Jadi, benar kata Veby. Kami ini memang ampas. Sampah, sisa, residu, yang tidak ada gunanya. Satu-satunya yang membuat kami dikenal hanyalah reputasi kami (aku terutama) yang sering dipanggil guru bimbingan konseling karena terlalu banyak absen.
Hari semakin siang. Sayup-sayup terdengar suara bel tanda berakhirnya pelajaran hari ini. Kantin semakin penuh dengan orang.
Aku menatap kerumunan berseragam putih-abu-abu yang semakin banyak menyemuti kios-kios penjual makanan. Sementara, di sudut yang lain, orang-orang yang berkerumun tampak lebih berwarna-warni, dengan pakaian yang tidak seragam—meski mayoritas mengenakan bawahan berwarna biru tua.
Rupanya siswa kelas satu belum percaya diri untuk ikut berbaur dengan senior-seniornya. Mungkin mereka takut “digencet” oleh siswa-siswa senior, meski kepala sekolah dan para guru menjamin tidak ada senioritas atau perundungan dan akan menindak tegas pelakunya.
Namun, aku tidak setuju jika ada yang bilang senioritas itu tidak ada. Senioritas selalu ada di setiap sekolah. Bohong besar jika pihak sekolah menyatakan tidak ada senioritas. Contoh? Kantin yang kau lihat saat ini! Jika tidak ada senioritas, siswa kelas satu pasti sudah percaya diri untuk berbaur dengan senior-seniornya tanpa rasa takut. Kenyataannya, kantin ini adalah bukti nyata dari tradisi senioritas itu sendiri.

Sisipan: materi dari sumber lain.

(* Let $r,m\ge1$, $W\in\mathbb{R}^{m\times r}$, $b\in\mathbb{R}^m$, $\sigma^2>0$, and $h(z)=a(Wz+b)$ where $a(x)=\log(1+e^x)$ is applied componentwise. Suppose $Z\sim N(0,I_r)$ and $X\mid\{Z=z\}\sim N(h(z),\sigma^2I_m)$. Fix $x\in\mathbb{R}^m$, let $p(z\mid x)$ be the conditional density of $Z$ given $X=x$, and set $V(z)=-\log p(z\mid x)$. Then $V$ is bounded below, $V$ satisfies conditions (b) and (c) of Assumption A1, and for every $\gamma>0$ there exist $\alpha>0$ and $\beta\in(0,1)$ such that Assumption A2 holds for $V$ (equivalently, $V-\inf V$ satisfies Assumptions A1 and A2).
   Context: A map $\phi:\mathbb{R}^a\to\mathbb{R}^b$ has polynomial growth if there are $C>0$ and an integer $m\ge0$ with $\Vert\phi(x)\Vert\le C(1+\Vert x\Vert^m)$ for all $x$; $\mathscr{C}^\infty_{poly}$ denotes the infinitely differentiable maps such that the map and all its derivatives have polynomial growth. Norms of matrices are operator norms. Assumption A1: (a) $V(x)\ge0$ for all $x\in\mathbb{R}^r$; (b) $\Vert\nabla^2V(x)\Vert\le\nu$ for some constant $\nu>0$ and all $x$; (c) $V\in\mathscr{C}^\infty_{poly}$. Assumption A2 (for a given $\gamma>0$): there exist constants $\alpha>0$ and $0<\beta<1$ such that for all $x\in\mathbb{R}^r$, $\frac12\langle\nabla V(x),x\rangle\ge\beta V(x)+\gamma^2C_\beta\Vert x\Vert^2-\alpha$, where $C_\beta=\frac{\beta(2-\beta)}{8(1-\beta)}$. *)

From Stdlib Require Import Reals List.
Open Scope R_scope.

(* Vectors of R^k are represented as functions nat -> R; only the
   coordinates 0..k-1 are ever used. *)
Definition vec := nat -> R.

Fixpoint vsum (k : nat) (f : nat -> R) : R :=
  match k with
  | O => 0
  | S k' => vsum k' f + f k'
  end.

Definition vnorm (k : nat) (v : vec) : R := sqrt (vsum k (fun j => v j ^ 2)).

Definition upd (z : vec) (i : nat) (t : R) : vec :=
  fun j => if Nat.eq_dec j i then t else z j.

Definition is_partial (f : vec -> R) (i : nat) (g : vec -> R) : Prop :=
  forall z, derivable_pt_lim (fun t => f (upd z i t)) (z i) (g z).

Definition poly_growth (k : nat) (f : vec -> R) : Prop :=
  exists (C : R) (n : nat), 0 < C /\
    forall z, Rabs (f z) <= C * (1 + vnorm k z ^ n).

(* C^infty_poly on R^k: all iterated partial derivatives exist
   (D (i :: l) = partial_i (D l)) and all of them have polynomial growth. *)
Definition C_inf_poly (k : nat) (f : vec -> R) : Prop :=
  exists D : list nat -> vec -> R,
    D nil = f /\
    (forall l i, (i < k)%nat -> is_partial (D l) i (D (i :: l))) /\
    (forall l, poly_growth k (D l)).

Definition A1a (k : nat) (V : vec -> R) : Prop := forall z, 0 <= V z.

(* Assumption A1 (b): operator norm of the Hessian bounded by nu > 0.
   G i = partial_i V,  H i j = partial_j partial_i V. *)
Definition A1b (k : nat) (V : vec -> R) : Prop :=
  exists (nu : R) (G : nat -> vec -> R) (H : nat -> nat -> vec -> R),
    0 < nu /\
    (forall i, (i < k)%nat -> is_partial V i (G i)) /\
    (forall i j, (i < k)%nat -> (j < k)%nat -> is_partial (G i) j (H i j)) /\
    (forall z v, vnorm k (fun i => vsum k (fun j => H i j z * v j))
                 <= nu * vnorm k v).

Definition A1c (k : nat) (V : vec -> R) : Prop := C_inf_poly k V.

Definition C_beta (beta : R) : R := beta * (2 - beta) / (8 * (1 - beta)).

Definition A2 (k : nat) (gamma : R) (V : vec -> R) : Prop :=
  exists (alpha beta : R) (G : nat -> vec -> R),
    0 < alpha /\ 0 < beta < 1 /\
    (forall i, (i < k)%nat -> is_partial V i (G i)) /\
    (forall z, / 2 * vsum k (fun i => G i z * z i)
               >= beta * V z + gamma ^ 2 * C_beta beta * vnorm k z ^ 2 - alpha).

Definition softplus (t : R) : R := ln (1 + exp t).

Definition hmap (r : nat) (W : nat -> nat -> R) (b : vec) (z : vec) : vec :=
  fun i => softplus (vsum r (fun j => W i j * z j) + b i).

Definition gauss_density (k : nat) (mu : vec) (s : R) (y : vec) : R :=
  Rpower (2 * PI * s) (- INR k / 2) *
  exp (- (vnorm k (fun i => y i - mu i)) ^ 2 / (2 * s)).

(* conditional density of Z given X = x (Bayes' formula), where px is the
   marginal density p(x) of X at x:
   p(z | x) = p(x | z) phi(z) / p(x). *)
Definition posterior (r m : nat) (W : nat -> nat -> R) (b : vec) (sigma2 : R)
  (px : R) (x : vec) (z : vec) : R :=
  gauss_density m (hmap r W b z) sigma2 x * gauss_density r (fun _ => 0) 1 z / px.

Definition Vpot (r m : nat) (W : nat -> nat -> R) (b : vec) (sigma2 : R)
  (px : R) (x : vec) (z : vec) : R :=
  - ln (posterior r m W b sigma2 px x z).

(* Up to the additive constant coming from the Gaussian normalisations and
   p(x), V(z) = |x - a(Wz + b)|^2 / (2 sigma2) + |z|^2 / 2.  Since a' = s is the
   sigmoid and s' = s (1 - s), every iterated partial derivative of V is a
   polynomial in the coordinates of z and the values a(w_k.z + b_k),
   s(w_k.z + b_k); as a(t) <= |t| + 1 and 0 < s < 1, all of them grow
   polynomially.  The Hessian is the identity plus a bounded matrix because
   a(t) (1 - s(t)) <= 1.  For A2 the key scalar estimate is
   (a(u) - y) s(u) (u - c) >= (a(u) - y)^2 / 2 - K(y, c) for all real u, so
   that <grad V(z), z> / 2 dominates V(z) / 2 + |z|^2 / 4 up to a constant;
   it then suffices to pick beta <= 1/2 with gamma^2 C_beta <= 1/4. *)

From Stdlib Require Import Reals Lra Lia Psatz FunctionalExtensionality.
Open Scope R_scope.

Asal tahu saja, kantin ini terbagi ke dalam beberapa “wilayah”. Wilayah paling luar yang tidak ada atapnya dan hanya tersedia kursi plastik diperuntukkan bagi siswa kelas satu. Wilayah di bagian tengah adalah untuk siswa kelas dua. Dan wilayah paling dalam dengan fasilitas kantin lengkap mulai dari meja, kursi hingga atap adalah untuk siswa kelas tiga.
Ini bukan aturan resmi, apalagi tertulis. Namun, jika ada yang berani melanggar, dijamin urusannya akan panjang! Tentu saja senior memiliki diskresi di mana mereka bisa menggunakan wilayah junior, tetapi tidak sebaliknya.

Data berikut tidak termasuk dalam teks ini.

(* Let $n,k,\delta$ be positive integers with $k<n$ and $(n-k)\mid\delta$, and set $M=\max\{n-k,k\}$ and $L=\lfloor \delta/k\rfloor+\delta/(n-k)$. Let $\mathbb{F}$ be a finite field of characteristic $p$ and let $\alpha$ be a primitive element of $\mathbb{F}$. For $\ell=0,1,\dots,L$ let $T_\ell\in\mathbb{F}^{M\times M}$ be the matrix whose $(i,j)$ entry ($1\le i,j\le M$) is $$(T_\ell)_{ij}=\alpha^{2^{M\ell+(i-1)+(j-1)}},$$ and let $\mathcal{T}(T_0,\dots,T_L)\in\mathbb{F}^{(L+1)M\times(L+1)M}$ be the lower block triangular block Toeplitz matrix $$\mathcal{T}(T_0,\dots,T_L)=\begin{pmatrix} T_0 & 0 & \cdots & 0\\ T_1 & T_0 & \cdots & 0\\ \vdots & \vdots & \ddots & \vdots\\ T_L & T_{L-1} & \cdots & T_0\end{pmatrix}.$$ If $|\mathbb{F}|\ge p^{\left(2^{M(L+2)-1}\right)}$, then $\mathcal{T}(T_0,\dots,T_L)$ is superregular over $\mathbb{F}$.
   Context: For a square matrix $A=[\mu_{ij}]$ of order $m$, $|A|=\sum_{\sigma\in S_m}(-1)^{\mathrm{sgn}(\sigma)}\mu_{1\sigma(1)}\cdots\mu_{m\sigma(m)}$; a term $\mu_{1\sigma(1)}\cdots\mu_{m\sigma(m)}$ is called trivial if $\mu_{i\sigma(i)}=0$ for some $i$. If $A$ is a square submatrix of a matrix $B$ and all terms of the determinant of $A$ are trivial, then $|A|$ is called a trivial minor of $B$. A matrix $B$ is called superregular if all its non-trivial minors are nonzero. *)

From mathcomp Require Import all_boot all_order all_algebra all_fingroup.
Set Implicit Arguments. Unset Strict Implicit. Unset Printing Implicit Defensive.
Import GRing.Theory.
Local Open Scope ring_scope.

Definition submx_of (R : Type) (m n r : nat) (f : 'I_r -> 'I_m) (g : 'I_r -> 'I_n)
  (B : 'M[R]_(m, n)) : 'M[R]_r := \matrix_(i < r, j < r) B (f i) (g j).

(* the minor |A| is non-trivial iff some term of the Leibniz expansion has
   no zero factor *)
Definition nontrivial_minor (R : nzRingType) (r : nat) (A : 'M[R]_r) : Prop :=
  exists s : 'S_r, forall i : 'I_r, A i (s i) != 0.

“Sssttt….” Gal tiba-tiba berbisik.
Aku menoleh.
“Ini….” Gal berkata pelan sambil mengeluarkan sebuah bungkusan dari saku jaket olahraga yang selalu dikenakannya.
Olivia langsung terbelalak. “Gila, lu!” ujarnya tertahan.

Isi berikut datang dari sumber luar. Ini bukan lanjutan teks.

Lemma count_chain_src x mid z w :
  count (fun q => q.1 == w) (chain x mid z) = count_mem w (x :: mid).
Proof.
elim: mid x => [|i mid IH] x; first by rewrite /chain /= eq_sym.
by rewrite /chain /= -/(chain i mid z) IH /= eq_sym.
Qed.

Lemma zip_behead_chain x y r :
  zip (x :: y :: r) (y :: r) = chain x (belast y r) (last y r).
Proof. by rewrite /chain; elim: r x y => [|w r IH] x y //=; rewrite -IH. Qed.

End ChainPairs.

Section Distance.
Variables (V : finType) (e : rel V).

Lemma walk_cat n m u w v : walk e n u w -> walk e m w v -> walk e (n + m) u v.
Proof.
elim: n u => [|n IH] u /=; first by move/eqP->.
move=> /existsP [w1 /andP [e1 H1]] H2; apply/existsP; exists w1.
by rewrite e1; exact: IH H1 H2.
Qed.

Lemma walk_rcons n u w v : walk e n u w -> e w v -> walk e n.+1 u v.
Proof.
elim: n u => [|n IH] u /=.
  by move/eqP-> => ewv; apply/existsP; exists v; rewrite ewv eqxx.
move=> /existsP [w1 /andP [e1 H1]] ewv; apply/existsP; exists w1.
by rewrite e1; exact: IH H1 ewv.
Qed.

Lemma dist_someP u v n : dist e u v = Some n ->
  walk e n u v /\ forall m, walk e m u v -> (n <= m)%N.
Proof.
rewrite /dist; case: excluded_middle_informative => // H [<-].
by case: ex_minnP.
Qed.

Lemma dist_noneP u v : dist e u v = None -> forall m, ~~ walk e m u v.
Proof.
rewrite /dist; case: excluded_middle_informative => // H _ m.
by apply/negP => Hm; apply: H; exists m.
Qed.

Lemma dist_le_walk u v m : walk e m u v -> exists n, dist e u v = Some n /\ (n <= m)%N.
Proof.
case E: (dist e u v) => [n|] Hm; last by move: (dist_noneP E m); rewrite Hm.
by exists n; split => //; apply: (proj2 (dist_someP E)).
Qed.

Lemma dist_tri u w v a b : dist e u w = Some a -> dist e w v = Some b ->
  exists c, dist e u v = Some c /\ (c <= a + b)%N.
Proof. by move=> /dist_someP [H1 _] /dist_someP [H2 _]; exact: dist_le_walk (walk_cat H1 H2). Qed.

Hypothesis esym : symmetric e.

Lemma walk_rev n u v : walk e n u v -> walk e n v u.
Proof.
elim: n u v => [|n IH] u v /=; first by rewrite eq_sym.
move=> /existsP [w1 /andP [e1 H1]].
by apply: walk_rcons (IH _ _ H1) _; rewrite esym.
Qed.

Lemma dist_sym u v : dist e u v = dist e v u.
Proof.
case E1: (dist e u v) => [n|]; case E2: (dist e v u) => [n'|] //.
- have [H1 M1] := dist_someP E1; have [H2 M2] := dist_someP E2.
  by congr Some; apply/eqP; rewrite eqn_leq M1 ?M2 // walk_rev.
- by have [H1 _] := dist_someP E1; move: (dist_noneP E2 n); rewrite walk_rev.
- by have [H2 _] := dist_someP E2; move: (dist_noneP E1 n'); rewrite walk_rev.
Qed.

End Distance.

Lemma path_zip (A : eqType) (e : rel A) x r :
  (forall q, q \in zip (x :: r) r -> e q.1 q.2) -> path e x r.
Proof.
elim: r x => [|z r IH] x //= H.
rewrite (H (x, z)) ?mem_head //=.
by apply: IH => q Hq; apply: H; rewrite /= in_cons Hq orbT.
Qed.

Lemma acyclic_path_uniq (A : finType) (e : rel A) x r :
  (forall u w, e u w -> ~~ connect e w u) -> path e x r -> uniq (x :: r).
Proof.
move=> acyc; elim: r x => [|z r IH] x // /andP[exz pz].
rewrite cons_uniq (IH z pz) andbT.
by apply/negP => /(path_connect pz); apply/negP; exact: acyc.
Qed.

Local Open Scope ring_scope.

Lemma sum_indicator1 (A : finType) (R : numDomainType) (a0 : A) :
  \sum_(a : A) ((a == a0)%:R : R) = 1.
Proof. by rewrite (bigD1 a0) //= eqxx big1 ?addr0 // => a /negbTE ->. Qed.

Lemma sum_pair_indicator_le (A : finType) (R : numDomainType) (w : A) (l : seq (A * A)) :
  \sum_(a : A) (((w, a) \in l)%:R : R) <= (count (fun q => q.1 == w) l)%:R.
Proof.
elim: l => [|q l IH]; first by rewrite big1.
apply: (@le_trans _ _ (\sum_(a : A) ((((w, a) == q)%:R : R) + ((w, a) \in l)%:R))).
  apply: ler_sum => a _; rewrite in_cons.
  by case: ((w,a) == q); case: ((w,a) \in l); rewrite /= ?addr0 ?add0r ?lerDl.
rewrite big_split /= natrD lerD //.
case: q => q1 q2 /=; case: (eqVneq q1 w) => [->|ne].
  by rewrite (eq_bigr (fun a => (a == q2)%:R)) ?sum_indicator1 // => a _; rewrite xpair_eqE eqxx.
by rewrite big1 // => a _; rewrite xpair_eqE eq_sym (negbTE ne).
Qed.

Section YFlow.
Variables (V : finType) (R : realFieldType) (L : V -> nat) (y : V -> R)
  (S T : {set V}) (F : seq (flowpath V R)).
Hypothesis disST : [disjoint S & T].
Hypothesis yflowF : is_yflow L y S T F.
Hypothesis acycF : facyclic F.
Hypothesis y01 : forall u, 0 <= y u <= 1.

Definition step (p : flowpath V R) u w : R := ((u, w) \in ppairs p)%:R.

Lemma yflow_pathP p : p \in F ->
  [/\ 0 < p.1, pfirst p \in S, plast p \in T, (L (pfirst p) <= L (plast p))%N &
      forall v, v \in pinterior p ->
        [/\ v \notin S, v \notin T, y v = 1 & (L (pfirst p) <= L v)%N]].
Proof. by case: yflowF => H _ _ _; apply: H. Qed.

Lemma yflow_path_shape p : p \in F -> exists x0 mid z,
  [/\ pfirst p = x0, pinterior p = mid, plast p = z,
      ppairs p = chain x0 mid z & uniq (x0 :: rcons mid z)].
Proof.
move=> pF; have [_ pS pT _ _] := yflow_pathP pF.
case: p pF pS pT => a [x0 [|y0 r]] pF /=; rewrite /pfirst /plast /=.
  by move=> pS pT; move: (disjointFr disST pS); rewrite pT.
move=> _ _; exists x0, (belast y0 r), (last y0 r); split => //.
  by rewrite /ppairs /pverts /= -zip_behead_chain.
rewrite -(lastI y0 r) -cons_uniq; apply: acyclic_path_uniq; first exact: acycF.
by apply: path_zip => -[q1 q2] Hq /=; apply/hasP; exists (a, (x0, y0 :: r)).
Qed.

Aku pun memelotot. “Jangan di sini, Gal!” Aku mencoba berbisik agak keras.
Gal tersenyum nakal.
“Kalau ada yang lihat bagaimana?” bisik Veby.
“Siapa?” Gal mengedarkan pandangannya. “Di sini nggak ada guru,” ujarnya lagi.
“Ya maksud gue anak-anak yang lain,” ujar Veby lagi.